▶ _Requirement_: The answer must consist of every line from the entries below that contains the word "Prop".

▶ _Supplied data_:
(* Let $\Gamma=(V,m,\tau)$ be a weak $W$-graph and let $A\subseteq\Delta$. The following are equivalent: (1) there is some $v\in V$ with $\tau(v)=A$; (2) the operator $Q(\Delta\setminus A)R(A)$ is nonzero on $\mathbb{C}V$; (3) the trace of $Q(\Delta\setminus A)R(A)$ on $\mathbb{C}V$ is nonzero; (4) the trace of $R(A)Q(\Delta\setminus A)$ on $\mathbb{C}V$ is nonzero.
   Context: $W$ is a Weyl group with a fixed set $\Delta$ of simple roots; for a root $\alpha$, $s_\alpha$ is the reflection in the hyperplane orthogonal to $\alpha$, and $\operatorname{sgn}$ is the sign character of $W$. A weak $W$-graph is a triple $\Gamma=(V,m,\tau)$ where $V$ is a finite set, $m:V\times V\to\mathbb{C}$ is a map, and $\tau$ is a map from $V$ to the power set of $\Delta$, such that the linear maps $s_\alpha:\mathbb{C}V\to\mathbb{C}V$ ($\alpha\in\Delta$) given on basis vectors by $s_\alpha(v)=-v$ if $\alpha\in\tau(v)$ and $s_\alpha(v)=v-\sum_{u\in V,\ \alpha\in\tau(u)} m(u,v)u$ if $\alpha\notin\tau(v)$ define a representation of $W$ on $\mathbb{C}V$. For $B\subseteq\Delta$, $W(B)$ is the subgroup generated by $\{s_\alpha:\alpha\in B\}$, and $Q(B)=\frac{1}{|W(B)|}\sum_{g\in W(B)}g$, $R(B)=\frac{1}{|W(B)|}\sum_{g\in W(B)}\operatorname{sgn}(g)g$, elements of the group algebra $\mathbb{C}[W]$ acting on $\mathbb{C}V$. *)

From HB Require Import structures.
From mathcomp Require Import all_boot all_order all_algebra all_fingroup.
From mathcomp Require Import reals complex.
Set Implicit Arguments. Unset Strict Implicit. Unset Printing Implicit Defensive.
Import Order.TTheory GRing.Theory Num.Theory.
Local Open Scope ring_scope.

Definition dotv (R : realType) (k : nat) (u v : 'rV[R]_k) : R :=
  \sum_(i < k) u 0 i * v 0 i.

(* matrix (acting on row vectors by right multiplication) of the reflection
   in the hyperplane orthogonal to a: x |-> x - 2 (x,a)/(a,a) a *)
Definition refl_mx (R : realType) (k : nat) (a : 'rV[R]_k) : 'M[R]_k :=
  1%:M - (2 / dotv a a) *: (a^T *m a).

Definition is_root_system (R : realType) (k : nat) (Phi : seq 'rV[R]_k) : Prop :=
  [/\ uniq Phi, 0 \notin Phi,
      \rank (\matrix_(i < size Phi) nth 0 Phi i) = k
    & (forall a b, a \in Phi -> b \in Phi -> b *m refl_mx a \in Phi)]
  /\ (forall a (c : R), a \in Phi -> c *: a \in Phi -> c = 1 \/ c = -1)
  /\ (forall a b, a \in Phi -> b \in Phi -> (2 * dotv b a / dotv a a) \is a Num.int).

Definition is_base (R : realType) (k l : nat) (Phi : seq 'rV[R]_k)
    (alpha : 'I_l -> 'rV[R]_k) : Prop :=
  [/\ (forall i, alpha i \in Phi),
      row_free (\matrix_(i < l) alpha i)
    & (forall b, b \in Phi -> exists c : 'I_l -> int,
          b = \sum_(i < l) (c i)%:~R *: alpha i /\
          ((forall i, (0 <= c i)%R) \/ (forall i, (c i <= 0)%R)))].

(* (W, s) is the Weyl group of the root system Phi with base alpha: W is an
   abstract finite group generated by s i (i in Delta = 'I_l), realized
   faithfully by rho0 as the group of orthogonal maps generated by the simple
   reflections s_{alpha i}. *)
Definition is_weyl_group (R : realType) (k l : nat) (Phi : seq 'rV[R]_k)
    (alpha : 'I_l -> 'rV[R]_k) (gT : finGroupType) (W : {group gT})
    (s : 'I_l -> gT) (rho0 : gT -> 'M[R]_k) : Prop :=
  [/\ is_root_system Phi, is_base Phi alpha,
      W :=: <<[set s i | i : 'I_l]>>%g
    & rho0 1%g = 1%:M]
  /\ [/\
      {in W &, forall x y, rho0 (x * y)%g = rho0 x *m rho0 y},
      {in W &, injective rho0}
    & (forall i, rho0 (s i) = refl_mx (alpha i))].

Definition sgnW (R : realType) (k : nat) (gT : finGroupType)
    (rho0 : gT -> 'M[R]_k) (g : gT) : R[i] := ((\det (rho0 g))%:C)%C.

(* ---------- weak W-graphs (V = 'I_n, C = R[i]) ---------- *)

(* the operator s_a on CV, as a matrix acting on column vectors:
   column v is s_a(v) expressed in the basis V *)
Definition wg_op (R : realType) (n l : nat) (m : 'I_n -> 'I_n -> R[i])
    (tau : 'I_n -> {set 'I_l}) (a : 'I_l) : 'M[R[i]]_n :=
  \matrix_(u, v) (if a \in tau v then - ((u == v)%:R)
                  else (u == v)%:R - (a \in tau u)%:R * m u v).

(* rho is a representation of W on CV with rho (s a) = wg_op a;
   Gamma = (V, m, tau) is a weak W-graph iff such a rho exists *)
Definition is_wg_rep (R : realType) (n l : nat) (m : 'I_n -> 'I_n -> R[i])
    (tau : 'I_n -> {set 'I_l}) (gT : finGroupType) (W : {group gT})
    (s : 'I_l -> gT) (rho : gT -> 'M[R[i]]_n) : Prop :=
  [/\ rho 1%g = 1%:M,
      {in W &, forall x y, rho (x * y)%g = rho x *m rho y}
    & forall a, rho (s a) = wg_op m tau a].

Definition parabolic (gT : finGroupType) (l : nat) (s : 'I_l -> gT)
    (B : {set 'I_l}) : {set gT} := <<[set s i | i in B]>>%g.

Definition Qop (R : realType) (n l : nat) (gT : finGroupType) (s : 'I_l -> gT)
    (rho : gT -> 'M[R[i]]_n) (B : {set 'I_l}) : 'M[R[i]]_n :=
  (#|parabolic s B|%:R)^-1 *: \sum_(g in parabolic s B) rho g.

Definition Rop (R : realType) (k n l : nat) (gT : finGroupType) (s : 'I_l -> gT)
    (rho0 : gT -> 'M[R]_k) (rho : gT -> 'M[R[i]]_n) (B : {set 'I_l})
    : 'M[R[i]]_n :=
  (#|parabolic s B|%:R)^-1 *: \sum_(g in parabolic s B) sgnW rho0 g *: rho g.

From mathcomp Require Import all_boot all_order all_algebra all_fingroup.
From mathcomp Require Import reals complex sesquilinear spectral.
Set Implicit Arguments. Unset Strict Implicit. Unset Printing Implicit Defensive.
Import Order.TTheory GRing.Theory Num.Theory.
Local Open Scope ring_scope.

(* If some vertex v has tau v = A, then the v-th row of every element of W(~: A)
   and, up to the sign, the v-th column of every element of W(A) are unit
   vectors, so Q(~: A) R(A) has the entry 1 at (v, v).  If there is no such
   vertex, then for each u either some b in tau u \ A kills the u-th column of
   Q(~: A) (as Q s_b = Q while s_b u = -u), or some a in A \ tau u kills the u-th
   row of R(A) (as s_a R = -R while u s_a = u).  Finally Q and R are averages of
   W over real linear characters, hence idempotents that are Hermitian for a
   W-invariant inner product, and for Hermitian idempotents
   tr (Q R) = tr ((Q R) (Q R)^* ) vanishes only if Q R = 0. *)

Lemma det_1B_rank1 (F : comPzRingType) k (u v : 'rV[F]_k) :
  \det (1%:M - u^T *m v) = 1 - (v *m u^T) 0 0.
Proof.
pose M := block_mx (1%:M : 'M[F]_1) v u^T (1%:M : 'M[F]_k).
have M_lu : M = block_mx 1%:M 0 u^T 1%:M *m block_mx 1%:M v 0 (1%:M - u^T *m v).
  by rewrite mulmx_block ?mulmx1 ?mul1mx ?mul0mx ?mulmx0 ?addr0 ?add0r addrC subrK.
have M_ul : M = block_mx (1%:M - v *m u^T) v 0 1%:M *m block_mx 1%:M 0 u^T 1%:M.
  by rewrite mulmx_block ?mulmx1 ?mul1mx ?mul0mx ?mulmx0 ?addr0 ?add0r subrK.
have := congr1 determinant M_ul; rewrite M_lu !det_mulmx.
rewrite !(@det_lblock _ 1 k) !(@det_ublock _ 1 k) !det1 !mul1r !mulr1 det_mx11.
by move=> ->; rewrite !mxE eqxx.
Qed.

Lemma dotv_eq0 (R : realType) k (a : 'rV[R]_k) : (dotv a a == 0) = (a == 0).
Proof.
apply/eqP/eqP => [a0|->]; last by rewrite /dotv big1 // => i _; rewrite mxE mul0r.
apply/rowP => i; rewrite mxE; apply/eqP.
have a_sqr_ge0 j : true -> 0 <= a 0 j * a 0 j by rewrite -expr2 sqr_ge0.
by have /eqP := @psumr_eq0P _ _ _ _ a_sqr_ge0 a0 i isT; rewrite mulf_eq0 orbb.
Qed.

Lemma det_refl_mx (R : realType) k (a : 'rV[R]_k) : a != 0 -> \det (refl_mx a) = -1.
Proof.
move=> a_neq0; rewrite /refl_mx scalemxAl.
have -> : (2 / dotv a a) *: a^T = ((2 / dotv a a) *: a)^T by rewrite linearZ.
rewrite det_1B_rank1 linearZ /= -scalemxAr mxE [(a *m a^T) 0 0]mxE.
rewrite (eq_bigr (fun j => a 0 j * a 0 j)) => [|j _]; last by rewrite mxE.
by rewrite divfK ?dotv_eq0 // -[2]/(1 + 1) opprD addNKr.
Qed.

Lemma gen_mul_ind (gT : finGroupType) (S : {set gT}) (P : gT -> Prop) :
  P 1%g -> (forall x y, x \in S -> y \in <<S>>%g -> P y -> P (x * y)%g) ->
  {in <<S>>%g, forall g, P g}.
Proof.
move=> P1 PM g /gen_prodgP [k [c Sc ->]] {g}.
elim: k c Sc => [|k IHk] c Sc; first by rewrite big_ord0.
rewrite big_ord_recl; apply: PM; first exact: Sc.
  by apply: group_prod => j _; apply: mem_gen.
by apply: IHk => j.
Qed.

▶ _Your solution_:
Definition is_root_system (R : realType) (k : nat) (Phi : seq 'rV[R]_k) : Prop :=
    (alpha : 'I_l -> 'rV[R]_k) : Prop :=
    (s : 'I_l -> gT) (rho0 : gT -> 'M[R]_k) : Prop :=
    (s : 'I_l -> gT) (rho : gT -> 'M[R[i]]_n) : Prop :=
Lemma gen_mul_ind (gT : finGroupType) (S : {set gT}) (P : gT -> Prop) :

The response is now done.